Dysregulation of phosphate transport proteins has been implicated in several pathological conditions, such as renal Fanconi syndrome, tumoral calcinosis, and hypophosphatemic rickets. Therefore, understanding the molecular mechanisms underlying phosphate transport protein function is essential for developing targeted therapies to treat these disorders.
Tooth resorption is a process in which there is an abnormal loss or breakdown of tooth structure, either internally (internal resorption) or externally (external resorption), due to the action of specialized cells called odontoclasts. This can lead to weakening and destruction of the tooth, potentially causing sensitivity, pain, or even tooth loss if left untreated. The causes of tooth resorption can vary, including trauma, orthodontic treatment, periodontal disease, and certain systemic conditions. It is important to diagnose and treat tooth resorption early to prevent further damage and preserve the tooth structure.
Tooth migration, in a dental or medical context, refers to the movement or shifting of teeth from their normal position within the dental arch. This phenomenon can occur due to various reasons such as:
1. Loss of adjacent teeth: When a tooth is lost, the surrounding teeth may drift or tilt into the empty space, causing other teeth to migrate out of their original positions.
2. Periodontal disease: Advanced periodontitis (severe gum disease) can lead to bone loss and ligament damage around the teeth, allowing them to move and potentially migrate.
3. Orthodontic treatment: Although controlled tooth movement is the goal of orthodontics, improper or unfinished treatment may result in undesirable tooth migration.
4. Aging: As people age, the supportive structures around teeth (bone and ligaments) can weaken, leading to tooth mobility and potential migration.
5. Tooth wear: Excessive tooth wear due to bruxism (grinding) or abrasion may alter the vertical dimension of the mouth, causing tooth migration over time.
It is essential to address tooth migration promptly to prevent further complications such as difficulty in chewing, speaking, and maintaining oral hygiene, which could lead to additional dental issues like decay and periodontal disease. Dental professionals may recommend various treatments, including orthodontic therapy, dental restorations, or even implants, depending on the cause and severity of tooth migration.
Cementoma is a benign (non-cancerous) tumor that primarily affects the jaw bones, particularly the lower jaw (mandible). It is characterized by the growth of abnormal cementum-like tissue within the bone. Cementum is a hard tissue that covers the roots of teeth and helps anchor them to the jawbone.
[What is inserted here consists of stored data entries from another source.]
(* Entry (a, b) is the moment of [mx_bipoly c] against [x^a y^b] if [a + b < n], its
   trace at [node a] if [a + b = n], and, if [a + b > n], where [mx_bipoly c] ignores
   the entry, the entry itself: this makes [dof] an endomorphism of square matrices. *)
Definition dof_entry n Z (c : 'M[R]_n.+1) (a b : nat) : R :=
  if (a + b < n)%N then int_T (fun x y => mx_bipoly c x y * (x ^ a * y ^ b))
  else if (a + b == n)%N then gamma Z (mx_bipoly c) (node a)
  else c (inord a) (inord b).

Definition dof n Z (c : 'M[R]_n.+1) : 'M[R]_n.+1 := \matrix_(a, b) dof_entry Z c a b.

Lemma dof_is_linear n Z : linear (@dof n Z).
Proof.
move=> k c d; apply/matrixP => a b; rewrite !mxE /dof_entry.
case: ifP => _.
  rewrite (int_T_ext (g := fun x y => k * (mx_bipoly c x y * (x ^ a * y ^ b)) +
                                    1 * (mx_bipoly d x y * (x ^ a * y ^ b)))).
    by rewrite (int_T_lin _ _ (bipoly_mul_monom a b (bipoly_mx c))
                 (bipoly_mul_monom a b (bipoly_mx d))); rring.
  by move=> x y; rewrite mx_bipoly_lin; ring.
case: ifP => _; last by rewrite !mxE.
have -> : mx_bipoly (k *: c + d)%R = fun x y => k * mx_bipoly c x y + 1 * mx_bipoly d x y.
  by do 2!apply: functional_extensionality => ?; rewrite mx_bipoly_lin.
by rewrite gamma_lin Rmult_1_l.
Qed.

HB.instance Definition _ n Z := GRing.isLinear.Build R _ _ _ (@dof n Z) (@dof_is_linear n Z).
Lemma aleph1_saturated_realize :
  (forall s : list (formula L), (forall phi, List.In phi s -> Sig phi) ->
     exists u : nat -> M, forall phi, List.In phi s -> sat u phi) ->
  exists w : nat -> M, forall phi, Sig phi -> sat w phi.
Proof.
move=> Sig_fin; have [u0 _] := Sig_fin nil (fun _ => False_ind _).
have inhM : inhabited M := inhabits (u0 0).
pose next k f := epsilon inhM (fun c => extendable k.+1 (upd f k c)).
pose F := fix F k := if k is k'.+1 then upd (F k') k' (next k' (F k')) else u0.
have F_ext k : extendable k (F k).
  elim: k => [|k IH]; first by move=> s /Sig_fin [u sat_u]; exists u.
  exact: (epsilon_spec inhM _ (extendable_step IH)).
have F_stable k t : t < k -> F k t = F t.+1 t.
  elim: k => [//|k IH]; rewrite ltnS leq_eqVlt => /orP [/eqP ->//|tk].
  by rewrite /= /upd ifN ?IH // neq_ltn tk.
exists (fun t => F t.+1 t) => phi Sig_phi.
have phi_Sig psi : List.In psi [:: phi] -> Sig psi by move=> [<-|[]].
have [u uF sat_u] := F_ext (var_bound phi) _ phi_Sig.
by apply: sat_ext_impl (sat_u phi (List.in_eq _ _)) => t tB; rewrite uF // F_stable.
Qed.

End Saturation.

(** * Back-and-forth in (Q,<) and the random graph *)

Section BinaryStructures.
Variable O : structure binsig.

Definition brel (x y : O) : Prop :=
  @rinterp binsig O tt (fun i : 'I_2 => if val i == 0 then x else y).

Lemma rinterp_brel r (a : 'I_2 -> O) : @rinterp binsig O r a <-> brel (a ord0) (a ord_max).
Proof.
case: r; suff -> : a = (fun i : 'I_2 => if val i == 0 then a ord0 else a ord_max) by [].
by apply: funext => -[[|[|//]] i2] /=; congr a; apply: val_inj.
Qed.

Lemma binsig_term_var (t : term binsig) : exists n, t = tvar binsig n.
Proof. by case: t => [n|[]]; exists n. Qed.

Definition partial_iso (l : list (O * O)) := forall p p', List.In p l -> List.In p' l ->
  (p.1 = p'.1 <-> p.2 = p'.2) /\ (brel p.1 p'.1 <-> brel p.2 p'.2).

(* Only the forth step is required: [same_qf_type] is symmetric, so it also
   gives the back step of the back-and-forth argument. *)
Definition extension_property := forall l c, partial_iso l -> exists d, partial_iso ((c, d) :: l).

Lemma partial_iso_dup l p : List.In p l -> partial_iso l -> partial_iso (p :: l).
Proof. by move=> l_p iso_l q q' [<-|l_q] [<-|l_q']; apply: iso_l. Qed.

Lemma partial_iso_cons l c d : partial_iso l ->
  (forall q, List.In q l -> [/\ c = q.1 <-> d = q.2, brel c q.1 <-> brel d q.2
                              & brel q.1 c <-> brel q.2 d]) ->
  (brel c c <-> brel d d) -> partial_iso ((c, d) :: l).
Proof.
move=> iso_l cd_l cd q q' [<-|l_q] [<-|l_q'] //=; last exact: iso_l.
  by have [] := cd_l q' l_q'.
have [eq_cd ? ?] := cd_l q l_q; split=> //.
by split=> E; apply/esym; apply/eq_cd/esym.
Qed.

Definition same_qf_type (v w : nat -> O) n := forall k l, k < n -> l < n ->
  (v k = v l <-> w k = w l) /\ (brel (v k) (v l) <-> brel (w k) (w l)).

Lemma same_qf_type_le v w n n' : n' <= n -> same_qf_type v w n -> same_qf_type v w n'.
Proof. by move=> n'n vw k l kn' ln'; apply: vw; apply: leq_trans n'n. Qed.

Lemma same_qf_type_sym v w n : same_qf_type v w n -> same_qf_type w v n.
Proof. by move=> vw k l kn ln; have [? ?] := vw k l kn ln; split; apply: iff_sym. Qed.

Hypothesis O_ext : extension_property.

Lemma same_qf_type_upd v w n m c : same_qf_type v w n -> m < n ->
  exists d, same_qf_type (upd v m c) (upd w m d) n.
Proof.
move=> vw mn; pose l := List.map (fun k => (v k, w k)) (List.seq 0 n).
have [|d iso_cdl] := @O_ext l c.
  move=> p p' /List.in_map_iff [k [<- /List.in_seq k_n]].
  move=> /List.in_map_iff [k' [<- /List.in_seq k'_n]].
  by apply: vw; lia.
have in_cdl k : k < n -> List.In (upd v m c k, upd w m d k) ((c, d) :: l).
  move=> kn; rewrite /upd; case: eqP => _; first by left.
  by right; apply/List.in_map_iff; exists k; split=> //; apply/List.in_seq; lia.
by exists d => k k' kn k'n; exact: iso_cdl (in_cdl k kn) (in_cdl k' k'n).
Qed.

Lemma sat_same_qf_type phi v w :
  same_qf_type v w (var_bound phi) -> (sat v phi <-> sat w phi).
Proof.
elim: phi v w => [t1 t2|r ts|p IH|p IHp q IHq|n p IH] v w /= vw.
- have [n1 E1] := binsig_term_var t1; have [n2 E2] := binsig_term_var t2; subst t1 t2.
  by apply: (proj1 (vw n1 n2 _ _)) => /=; lia.
- rewrite !rinterp_brel.
  have [n1 E1] := binsig_term_var (ts ord0); have [n2 E2] := binsig_term_var (ts ord_max).
  rewrite E1 E2 /=; apply: (proj2 (vw n1 n2 _ _)).
    by apply: leq_trans (leq_bigmax ord0); rewrite E1.
  by apply: leq_trans (leq_bigmax ord_max); rewrite E2.
- by rewrite (IH v w).
- by rewrite (IHp v w) ?(IHq v w) //; apply: same_qf_type_le vw; rewrite leq_max leqnn ?orbT.
- have pB : var_bound p <= maxn n.+1 (var_bound p) by rewrite leq_max leqnn orbT.
  have nB : n < maxn n.+1 (var_bound p) by rewrite leq_max ltnSn.
  split=> -[c sat_c].
    have [d vw_d] := same_qf_type_upd c vw nB.
    by exists d; rewrite -(IH (upd v n c)) //; apply: same_qf_type_le vw_d.
  have [d wv_d] := same_qf_type_upd c (same_qf_type_sym vw) nB.
  by exists d; rewrite (IH _ (upd w n c)) //; apply: same_qf_type_le (same_qf_type_sym wv_d).
Qed.

End BinaryStructures.

Lemma brel_QLt (x y : QLt) : brel x y <-> (x < y)%R.
Proof. by []. Qed.

Lemma brel_RandomGraph (x y : RandomGraph) : brel x y <-> rado_edge x y.
Proof. by []. Qed.

Local Open Scope ring_scope.

Lemma exists_between (R : realFieldType) (lo hi : seq R) :
  {in lo & hi, forall l h, l < h} ->
  exists d, {in lo, forall l, l < d} /\ {in hi, forall h, d < h}.
Proof.
have le_max x0 l : l \in lo -> l <= \big[Order.max/x0]_(l' <- lo) l'.
  by move=> l_lo; exact: (le_bigmax_seq x0 l xpredT (fun l' => l') l_lo).
elim: hi => [|h hi IH] lo_hi.
  by exists (\big[Order.max/0]_(l <- lo) l + 1); split=> // l /(le_max 0); lra.
have [l l_lo h' h'_hi|d [lo_d d_hi]] := IH; first by apply: lo_hi; rewrite // in_cons h'_hi orbT.
case: (ltP d h) => [dh|hd].
  by exists d; split=> // h'; rewrite in_cons => /orP[/eqP->|/d_hi].
set m := \big[Order.max/(h - 1)]_(l <- lo) l.
have mh : m < h.
  rewrite /m big_seq; apply: bigmax_lt => [|l l_lo]; first lra.
  by apply: lo_hi; rewrite ?mem_head.
exists ((m + h) / 2); split=> [l /(le_max (h - 1))|h']; first by rewrite -/m; lra.
rewrite in_cons => /orP[/eqP->|/d_hi]; lra.
Qed.

Lemma same_side (d0 : Order.disp_t) (T : orderType d0) (x c y d : T) :
  x != c -> (x < c -> y < d)%O -> (c < x -> d < y)%O ->
  [/\ c = x <-> d = y, (c < x <-> d < y)%O & (x < c <-> y < d)%O].
Proof.
case: (ltgtP x c) => // [xc|cx] _ left right.
- have yd := left isT; rewrite (lt_gtF yd).
  by split=> //; split=> // E; [move: xc|move: yd]; rewrite E ltxx.
- have dy := right isT; rewrite (lt_gtF dy).
  by split=> //; split=> // E; [move: cx|move: dy]; rewrite E ltxx.
Qed.

Lemma QLt_extension_property : extension_property QLt.
Proof.
move=> l c iso_l.
case: (pselect (exists2 p, List.In p l & p.1 = c)) => [[[c' d] l_p /= <-]|c_new].
  by exists d; apply: partial_iso_dup.
pose lo := [seq q.2 | q <- l & q.1 < c]; pose hi := [seq q.2 | q <- l & c < q.1].
have [|d [lo_d d_hi]] := exists_between (lo := lo) (hi := hi).
  move=> _ _ /mapP [q + ->] /mapP [q' + ->]; rewrite !mem_filter.
  move=> /andP [qc /In_mem l_q] /andP [cq' /In_mem l_q'].
  by apply/brel_QLt/(proj2 (iso_l _ _ l_q l_q')); apply: lt_trans cq'.
exists d; apply: partial_iso_cons => // [q l_q|]; last by rewrite !brel_QLt !ltxx.
have q_c : q.1 != c by apply/eqP => E; apply: c_new; exists q.
have q_lo : q.1 < c -> q.2 \in lo.
  by move=> qc; apply: map_f; rewrite mem_filter qc; apply/In_mem.
have q_hi : c < q.1 -> q.2 \in hi.
  by move=> cq; apply: map_f; rewrite mem_filter cq; apply/In_mem.
exact: same_side q_c (fun qc => lo_d _ (q_lo qc)) (fun cq => d_hi _ (q_hi cq)).
Qed.

Close Scope ring_scope.

Fixpoint rado_witness (U : nat -> bool) (K s : nat) : nat :=
  if s is s'.+1 then
    if U s' then Nat.setbit (rado_witness U K s') s' else rado_witness U K s'
  else Nat.pow 2 K.

Lemma testbit_rado_witness U K s x : s <= K ->
  Nat.testbit (rado_witness U K s) x = (x == K) || (x < s) && U x.
Proof.
have eqbE a b : (a =? b) = (a == b) by case: Nat.eqb_spec => [->|/eqP/negbTE->]; rewrite ?eqxx.
elim: s => [|s IH] sK /=; first by rewrite Nat.pow2_bits_eqb eqbE eq_sym orbF.
rewrite [x < s.+1]ltnS; case: ifP => Us; rewrite ?Nat.setbit_eqb (IH (ltnW sK)) ?eqbE;
  by case: (ltngtP x s) => [_|_|->] //=; rewrite Us ?orbT.
Qed.

Lemma testbit_small a n : a < Nat.pow 2 n -> Nat.testbit a n = false.
Proof.
case: a => [|a] a_lt; first exact: Nat.bits_0.
by apply: Nat.bits_above_log2; apply/Nat.log2_lt_pow2; [lia|apply/ssrnat.ltP].
Qed.

Lemma lt_pow2 n : n < Nat.pow 2 n.
Proof. by apply/ssrnat.ltP; apply: Nat.pow_gt_lin_r. Qed.

Lemma rado_extension K (U : nat -> bool) :
  exists2 d, K <= d & forall x, x < K -> (rado_edge x d <-> U x).
Proof.
pose d := rado_witness U K K.
have dK : Nat.testbit d K by rewrite testbit_rado_witness // eqxx.
have Kd : K < d.
  case: (ltnP d (Nat.pow 2 K)) => [small|big]; first by rewrite testbit_small in dK.
  exact: leq_trans (lt_pow2 K) big.
exists d => [|x xK]; first exact: ltnW.
have xd : x < d := ltn_trans xK Kd.
rewrite /rado_edge testbit_rado_witness // xK (testbit_small (ltn_trans xd (lt_pow2 d))).
rewrite (ltn_eqF xK) /=; split=> [[_ [|//]]//|Ux]; split; last by left.
by move=> xd_eq; move: xd; rewrite xd_eq ltnn.
Qed.

Lemma rado_edge_sym x y : rado_edge x y <-> rado_edge y x.
Proof. by rewrite /rado_edge; split=> -[xy bits]; split; [auto|tauto|auto|tauto]. Qed.

Lemma RandomGraph_extension_property : extension_property RandomGraph.
Proof.
move=> l c iso_l.
case: (pselect (exists2 p, List.In p l & p.1 = c)) => [[[c' d] l_p /= <-]|c_new].
  by exists d; apply: partial_iso_dup.
pose K := foldr (fun q acc => maxn (q.2 : nat).+1 acc) 0 l.
have lt_K q : List.In q l -> (q.2 : nat) < K.
  rewrite /K; elim: (l) => [//|q' l' IH] /= [<-|/IH]; rewrite leq_max ?leqnn // => ->.
  by rewrite orbT.
pose U y := asbool (exists2 q, List.In q l & q.2 = y /\ rado_edge c q.1).
have [d Kd dU] := rado_extension K U.
exists d; apply: partial_iso_cons => // [q l_q|]; last by rewrite !brel_RandomGraph; split=> -[].
have qK := lt_K q l_q.
have d_q : d <> q.2 by move=> E; move: qK; rewrite -E ltnNge Kd.
have c_q : c <> q.1 by move=> E; apply: c_new; exists q.
have edge_iff : rado_edge c q.1 <-> rado_edge d q.2.
  rewrite [rado_edge d _]rado_edge_sym (dU _ qK); split=> [cq|/asboolP[q' l_q' [E cq']]].
    by apply/asboolP; exists q.
  by have [[_ /(_ E) <-] _] := iso_l q' q l_q' l_q.
split; [by split=> E; [case: c_q|case: d_q] | exact: edge_iff |].
apply: (iff_trans (rado_edge_sym _ _)); apply: (iff_trans edge_iff); exact: rado_edge_sym.
Qed.

(** * Trace definability from a definable relation *)

(* [rho] defines [R] on the [m]-tuples [tau x]: the pair [(x, y)] is
   represented by variables [0 .. m-1] (for [x]) and [m .. 2m-1] (for [y]). *)
Definition tuple_defines L (M : structure L) (T : Type) m (tau : T -> 'I_m -> M)
    (rho : formula L) (R : T -> T -> Prop) :=
  forall x y (u : nat -> M), (forall j : 'I_m, u j = tau x j) ->
    (forall j : 'I_m, u (m + j) = tau y j) -> (sat u rho <-> R x y).

Section TupleDefinability.
Variables (L : signature) (M : structure L) (T : Type) (m : nat) (tau : T -> 'I_m -> M).

Lemma tuple_defines_pval rho R (d : M) x y : tuple_defines tau rho R ->
  (sat (pval (tau x) (tau y) (fun _ => d)) rho <-> R x y).
Proof. by move=> rho_R; apply: rho_R => j; rewrite ?pval_l ?pval_r. Qed.

Lemma tuple_defines_congr rho R (d : M) x y : tuple_defines tau rho R ->
  tau x = tau y -> (forall z, R z x <-> R z y) /\ (forall z, R x z <-> R y z).
Proof.
move=> rho_R tau_xy; split=> z; rewrite -!(tuple_defines_pval d _ _ rho_R) tau_xy //.
Qed.

Definition tuple_eq_formula := bigandf (enum 'I_m) (fun j => feq (tvar L j) (tvar L (m + j))).

Lemma tuple_defines_eq : (forall x y, (forall j, tau x j = tau y j) -> x = y) ->
  tuple_defines tau tuple_eq_formula (@eq T).
Proof.
move=> tau_inj x y u ux uy; rewrite sat_bigandf; split=> [u_eq|xy j _ /=].
  by apply: tau_inj => j; rewrite -ux -uy; apply: (u_eq j); rewrite mem_enum.
by rewrite ux uy xy.
Qed.

Definition swap_halves (t : nat) := if t < m then m + t else if t < m + m then t - m else t.

Lemma tuple_defines_swap rho R : tuple_defines tau rho R ->
  tuple_defines tau (rename swap_halves rho) (fun x y => R y x).
Proof.
move=> rho_R x y u ux uy; rewrite sat_rename; apply: rho_R => j /=.
  by rewrite /swap_halves ltn_ord uy.
by rewrite /swap_halves ltnNge leq_addr /= ltn_add2l ltn_ord addKn ux.
Qed.

End TupleDefinability.

Section TraceDefinability.
Variables (L : signature) (M : structure L) (O : structure binsig).
Hypothesis O_ext : extension_property O.
Variables (m : nat) (tau : O -> 'I_m -> M) (m0 : M).
Hypothesis tau_inj : forall x y : O, (forall j, tau x j = tau y j) -> x = y.
Variable rho : formula L.
Hypothesis rho_tau : tuple_defines tau rho (@brel O).

Section DefinableSet.
Variables (n : nat) (v0 : nat -> O).
Local Notation I := ('I_n * 'I_m)%type.

Definition ovals (a : 'I_n -> O) := Defs.tval (fun i : 'I_#|'I_n| => a (enum_val i)) v0.

Definition trace_tuple (a : 'I_n -> O) : I -> M := fun p => tau (a p.1) p.2.

(* Coordinate [j] of the value of the [O]-variable [k] is held by the
   [M]-variable [mvar k j]: the tuple comes first, as [DefinableI] requires,
   the parameters [v0] follow in blocks of [m]. *)
Definition mvar (k j : nat) : nat :=
  match insub k : option 'I_#|'I_n|, insub j : option 'I_m with
  | Some k', Some j' => enum_rank ((enum_val k', j') : I)
  | Some _, None => 0
  | None, _ => #|{: I}| + k * m + j
  end.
There are different types of cementomas, including:
1. Periapical cemental dysplasia (PCD): This type of cementoma usually affects the anterior region of the lower jaw and is often associated with non-vital teeth. It typically presents as a small, radiopaque (dark) area on an X-ray.
2. Florid cemento-osseous dysplasia (FCOD): FCOD is a more widespread form of cementoma that affects multiple areas of the jawbones. It primarily affects middle-aged women and can cause significant bone remodeling, leading to radiopaque lesions on X-rays.
3. Gigantiform cementoma: This rare, aggressive type of cementoma typically affects children and adolescents. It can cause rapid bone growth and expansion, resulting in facial deformities and functional impairments.
4. Ossifying fibroma: Although not strictly a cementoma, ossifying fibroma shares some similarities with these tumors. It is characterized by the formation of both bone and cementum-like tissue within the lesion.
Treatment for cementomas depends on their size, location, and growth rate. Small, asymptomatic lesions may not require treatment, while larger or symptomatic ones might need surgical removal to prevent complications such as tooth displacement, infection, or pathological fractures. Regular follow-ups with dental X-rays are essential to monitor the progression of these lesions.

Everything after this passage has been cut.